> **MATERIALS PROVIDED**:
.....
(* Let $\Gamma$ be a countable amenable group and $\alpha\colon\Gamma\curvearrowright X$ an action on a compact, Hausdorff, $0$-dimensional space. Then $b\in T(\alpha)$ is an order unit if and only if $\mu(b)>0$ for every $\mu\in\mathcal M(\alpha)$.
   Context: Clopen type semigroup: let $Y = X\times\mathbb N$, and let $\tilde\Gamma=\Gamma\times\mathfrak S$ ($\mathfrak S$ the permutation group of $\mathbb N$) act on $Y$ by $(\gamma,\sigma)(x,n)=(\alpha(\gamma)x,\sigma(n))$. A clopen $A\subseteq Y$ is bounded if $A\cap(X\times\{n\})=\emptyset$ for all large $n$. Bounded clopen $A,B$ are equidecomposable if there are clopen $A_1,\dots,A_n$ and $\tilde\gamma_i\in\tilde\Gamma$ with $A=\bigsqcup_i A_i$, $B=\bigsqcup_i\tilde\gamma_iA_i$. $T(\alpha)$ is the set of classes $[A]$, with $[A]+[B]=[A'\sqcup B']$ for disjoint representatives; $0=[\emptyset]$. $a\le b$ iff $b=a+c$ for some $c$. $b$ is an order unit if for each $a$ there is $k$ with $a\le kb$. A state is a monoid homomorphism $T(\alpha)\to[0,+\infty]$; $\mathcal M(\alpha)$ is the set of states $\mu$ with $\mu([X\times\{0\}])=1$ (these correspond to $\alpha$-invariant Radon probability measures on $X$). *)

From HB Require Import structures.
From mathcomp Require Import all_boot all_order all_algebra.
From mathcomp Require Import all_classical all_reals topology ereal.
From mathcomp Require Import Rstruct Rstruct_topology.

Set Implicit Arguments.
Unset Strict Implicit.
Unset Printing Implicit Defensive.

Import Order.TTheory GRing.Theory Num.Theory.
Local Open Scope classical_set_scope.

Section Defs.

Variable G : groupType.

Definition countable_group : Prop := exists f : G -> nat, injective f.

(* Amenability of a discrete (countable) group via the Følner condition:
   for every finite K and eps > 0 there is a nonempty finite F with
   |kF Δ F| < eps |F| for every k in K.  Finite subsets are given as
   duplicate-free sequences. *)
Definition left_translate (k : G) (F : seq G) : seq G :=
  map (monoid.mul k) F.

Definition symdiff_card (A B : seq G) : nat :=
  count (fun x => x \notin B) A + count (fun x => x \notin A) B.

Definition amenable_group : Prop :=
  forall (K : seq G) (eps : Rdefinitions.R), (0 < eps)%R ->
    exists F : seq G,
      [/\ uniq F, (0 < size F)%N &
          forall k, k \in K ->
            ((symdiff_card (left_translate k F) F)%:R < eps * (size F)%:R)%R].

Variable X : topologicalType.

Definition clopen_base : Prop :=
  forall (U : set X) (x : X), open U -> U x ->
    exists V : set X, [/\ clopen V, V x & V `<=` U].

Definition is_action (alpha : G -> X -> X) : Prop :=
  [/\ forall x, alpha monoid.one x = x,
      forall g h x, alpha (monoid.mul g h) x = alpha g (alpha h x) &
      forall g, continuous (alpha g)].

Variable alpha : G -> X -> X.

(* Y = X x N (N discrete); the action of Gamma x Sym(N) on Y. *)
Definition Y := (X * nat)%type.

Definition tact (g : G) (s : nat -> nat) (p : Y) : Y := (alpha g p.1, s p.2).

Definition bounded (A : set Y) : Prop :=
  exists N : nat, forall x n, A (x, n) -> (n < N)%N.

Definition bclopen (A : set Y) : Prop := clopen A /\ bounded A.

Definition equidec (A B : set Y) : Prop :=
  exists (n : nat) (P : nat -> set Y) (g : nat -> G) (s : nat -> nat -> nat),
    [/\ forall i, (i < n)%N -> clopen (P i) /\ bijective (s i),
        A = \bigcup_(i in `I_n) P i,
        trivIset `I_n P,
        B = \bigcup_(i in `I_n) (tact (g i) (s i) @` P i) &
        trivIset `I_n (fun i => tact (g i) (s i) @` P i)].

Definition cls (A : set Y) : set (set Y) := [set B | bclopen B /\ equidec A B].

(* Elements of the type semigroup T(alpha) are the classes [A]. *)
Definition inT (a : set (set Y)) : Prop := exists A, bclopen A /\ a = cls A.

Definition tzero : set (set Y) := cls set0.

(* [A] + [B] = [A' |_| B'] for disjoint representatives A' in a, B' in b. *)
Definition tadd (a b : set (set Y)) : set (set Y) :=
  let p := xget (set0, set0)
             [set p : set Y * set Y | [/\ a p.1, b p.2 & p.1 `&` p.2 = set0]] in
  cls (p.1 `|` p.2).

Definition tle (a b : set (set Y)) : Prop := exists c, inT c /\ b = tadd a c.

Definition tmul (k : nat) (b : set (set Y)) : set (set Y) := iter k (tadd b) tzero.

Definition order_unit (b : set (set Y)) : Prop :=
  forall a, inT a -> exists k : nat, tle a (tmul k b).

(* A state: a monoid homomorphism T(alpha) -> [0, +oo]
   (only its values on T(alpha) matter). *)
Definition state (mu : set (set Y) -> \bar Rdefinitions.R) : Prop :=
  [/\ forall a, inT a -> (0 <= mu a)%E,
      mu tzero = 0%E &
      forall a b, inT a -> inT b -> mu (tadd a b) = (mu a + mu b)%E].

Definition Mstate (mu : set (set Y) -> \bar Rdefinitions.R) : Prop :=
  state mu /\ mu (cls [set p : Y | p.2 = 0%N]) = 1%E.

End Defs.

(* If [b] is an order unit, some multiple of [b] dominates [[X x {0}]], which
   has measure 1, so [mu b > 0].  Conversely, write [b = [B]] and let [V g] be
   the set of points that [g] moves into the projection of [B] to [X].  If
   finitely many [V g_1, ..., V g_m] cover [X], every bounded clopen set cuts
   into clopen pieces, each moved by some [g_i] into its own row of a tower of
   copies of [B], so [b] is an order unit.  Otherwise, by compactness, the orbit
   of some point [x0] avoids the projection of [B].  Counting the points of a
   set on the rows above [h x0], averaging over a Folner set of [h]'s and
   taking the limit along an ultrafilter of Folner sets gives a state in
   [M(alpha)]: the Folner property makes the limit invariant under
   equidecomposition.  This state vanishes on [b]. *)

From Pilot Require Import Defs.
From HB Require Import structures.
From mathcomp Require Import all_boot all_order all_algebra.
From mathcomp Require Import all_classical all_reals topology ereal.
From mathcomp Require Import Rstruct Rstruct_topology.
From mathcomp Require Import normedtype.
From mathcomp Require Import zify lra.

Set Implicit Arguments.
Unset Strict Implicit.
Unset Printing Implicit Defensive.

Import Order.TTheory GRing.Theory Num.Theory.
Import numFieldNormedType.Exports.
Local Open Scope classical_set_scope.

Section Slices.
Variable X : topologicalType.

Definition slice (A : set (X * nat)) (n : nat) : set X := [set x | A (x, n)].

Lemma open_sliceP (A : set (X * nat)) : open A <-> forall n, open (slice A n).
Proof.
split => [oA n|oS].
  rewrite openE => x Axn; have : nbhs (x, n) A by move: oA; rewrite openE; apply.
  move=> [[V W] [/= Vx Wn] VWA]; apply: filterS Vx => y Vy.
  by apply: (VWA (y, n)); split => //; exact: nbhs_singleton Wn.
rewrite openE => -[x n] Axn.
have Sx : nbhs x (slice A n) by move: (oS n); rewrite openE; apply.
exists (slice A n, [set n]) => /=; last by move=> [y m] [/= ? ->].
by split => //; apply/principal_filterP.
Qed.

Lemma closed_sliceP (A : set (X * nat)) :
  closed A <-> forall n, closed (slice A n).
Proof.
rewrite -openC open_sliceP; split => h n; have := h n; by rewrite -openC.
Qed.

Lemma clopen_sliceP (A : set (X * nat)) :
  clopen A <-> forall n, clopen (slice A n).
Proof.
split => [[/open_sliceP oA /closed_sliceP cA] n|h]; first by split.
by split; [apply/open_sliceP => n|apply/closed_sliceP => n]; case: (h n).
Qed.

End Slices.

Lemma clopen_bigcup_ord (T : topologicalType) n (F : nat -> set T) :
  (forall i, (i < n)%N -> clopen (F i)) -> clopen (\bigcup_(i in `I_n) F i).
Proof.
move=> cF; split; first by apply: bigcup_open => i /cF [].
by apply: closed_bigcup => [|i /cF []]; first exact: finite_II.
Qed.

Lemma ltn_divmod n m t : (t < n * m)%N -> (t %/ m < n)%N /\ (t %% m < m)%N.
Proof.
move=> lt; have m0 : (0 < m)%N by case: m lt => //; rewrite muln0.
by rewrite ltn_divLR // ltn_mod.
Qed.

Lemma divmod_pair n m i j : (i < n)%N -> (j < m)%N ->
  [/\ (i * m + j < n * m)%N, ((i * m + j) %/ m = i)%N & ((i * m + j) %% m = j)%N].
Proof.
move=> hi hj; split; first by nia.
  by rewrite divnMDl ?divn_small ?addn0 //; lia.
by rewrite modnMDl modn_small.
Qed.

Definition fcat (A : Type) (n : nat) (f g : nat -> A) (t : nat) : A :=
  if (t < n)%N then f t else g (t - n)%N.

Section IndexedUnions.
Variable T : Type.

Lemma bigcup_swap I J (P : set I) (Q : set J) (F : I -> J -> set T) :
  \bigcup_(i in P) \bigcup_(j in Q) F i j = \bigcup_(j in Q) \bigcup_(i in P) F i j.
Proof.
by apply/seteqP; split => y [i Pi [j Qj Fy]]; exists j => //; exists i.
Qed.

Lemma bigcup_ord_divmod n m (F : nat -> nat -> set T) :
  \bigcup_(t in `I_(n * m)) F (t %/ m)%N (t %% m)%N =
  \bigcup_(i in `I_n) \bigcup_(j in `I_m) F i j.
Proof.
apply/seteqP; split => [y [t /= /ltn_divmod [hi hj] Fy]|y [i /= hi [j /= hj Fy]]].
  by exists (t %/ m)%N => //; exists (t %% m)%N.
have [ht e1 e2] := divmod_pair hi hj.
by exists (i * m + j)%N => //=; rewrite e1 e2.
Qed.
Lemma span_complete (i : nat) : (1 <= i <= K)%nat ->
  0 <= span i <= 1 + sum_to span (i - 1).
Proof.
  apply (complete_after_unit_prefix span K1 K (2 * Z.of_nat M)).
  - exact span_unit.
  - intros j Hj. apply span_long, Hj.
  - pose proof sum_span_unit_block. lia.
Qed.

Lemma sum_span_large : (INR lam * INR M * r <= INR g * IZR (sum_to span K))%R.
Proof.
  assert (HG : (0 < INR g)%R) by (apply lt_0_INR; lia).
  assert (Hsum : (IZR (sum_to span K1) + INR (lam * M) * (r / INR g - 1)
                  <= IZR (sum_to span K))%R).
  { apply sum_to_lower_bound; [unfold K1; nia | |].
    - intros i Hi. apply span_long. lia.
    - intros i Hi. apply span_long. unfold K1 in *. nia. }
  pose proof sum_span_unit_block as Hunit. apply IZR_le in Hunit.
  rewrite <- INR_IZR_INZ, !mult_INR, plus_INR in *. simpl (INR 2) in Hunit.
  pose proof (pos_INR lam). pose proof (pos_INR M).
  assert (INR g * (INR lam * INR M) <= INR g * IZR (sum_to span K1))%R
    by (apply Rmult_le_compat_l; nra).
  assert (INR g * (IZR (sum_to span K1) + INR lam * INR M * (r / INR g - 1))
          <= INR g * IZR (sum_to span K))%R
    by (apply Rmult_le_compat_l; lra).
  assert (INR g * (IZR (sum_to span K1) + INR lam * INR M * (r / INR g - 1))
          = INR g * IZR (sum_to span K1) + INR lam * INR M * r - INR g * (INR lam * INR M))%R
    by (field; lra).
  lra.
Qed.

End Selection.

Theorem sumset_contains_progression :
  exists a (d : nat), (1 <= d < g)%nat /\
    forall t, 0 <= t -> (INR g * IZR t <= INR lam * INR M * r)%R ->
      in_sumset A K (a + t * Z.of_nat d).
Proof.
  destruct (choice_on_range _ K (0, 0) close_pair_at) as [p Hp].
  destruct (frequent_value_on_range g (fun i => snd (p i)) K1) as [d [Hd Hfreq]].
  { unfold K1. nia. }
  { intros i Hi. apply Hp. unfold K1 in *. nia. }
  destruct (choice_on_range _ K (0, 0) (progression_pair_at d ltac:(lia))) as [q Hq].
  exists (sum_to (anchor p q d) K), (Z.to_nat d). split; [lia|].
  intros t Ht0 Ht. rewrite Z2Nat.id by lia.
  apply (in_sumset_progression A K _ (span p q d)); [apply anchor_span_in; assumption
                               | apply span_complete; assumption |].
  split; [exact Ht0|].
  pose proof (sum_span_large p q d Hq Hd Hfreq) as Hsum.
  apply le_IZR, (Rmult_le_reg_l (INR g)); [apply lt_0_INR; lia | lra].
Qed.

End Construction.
.....
> **WHAT IS NEEDED**: Each line in the entries above, starting at the line with "Definition bclopen (A" and ending at the line with "(* [A] + [B] = [A' |_| B'] for", is to be printed exactly, and only those lines.

> **OUTPUT BELOW**:
Definition bclopen (A : set Y) : Prop := clopen A /\ bounded A.

Definition equidec (A B : set Y) : Prop :=
  exists (n : nat) (P : nat -> set Y) (g : nat -> G) (s : nat -> nat -> nat),
    [/\ forall i, (i < n)%N -> clopen (P i) /\ bijective (s i),
        A = \bigcup_(i in `I_n) P i,
        trivIset `I_n P,
        B = \bigcup_(i in `I_n) (tact (g i) (s i) @` P i) &
        trivIset `I_n (fun i => tact (g i) (s i) @` P i)].

Definition cls (A : set Y) : set (set Y) := [set B | bclopen B /\ equidec A B].

(* Elements of the type semigroup T(alpha) are the classes [A]. *)
Definition inT (a : set (set Y)) : Prop := exists A, bclopen A /\ a = cls A.

Definition tzero : set (set Y) := cls set0.

(* [A] + [B] = [A' |_| B'] for disjoint representatives A' in a, B' in b. *)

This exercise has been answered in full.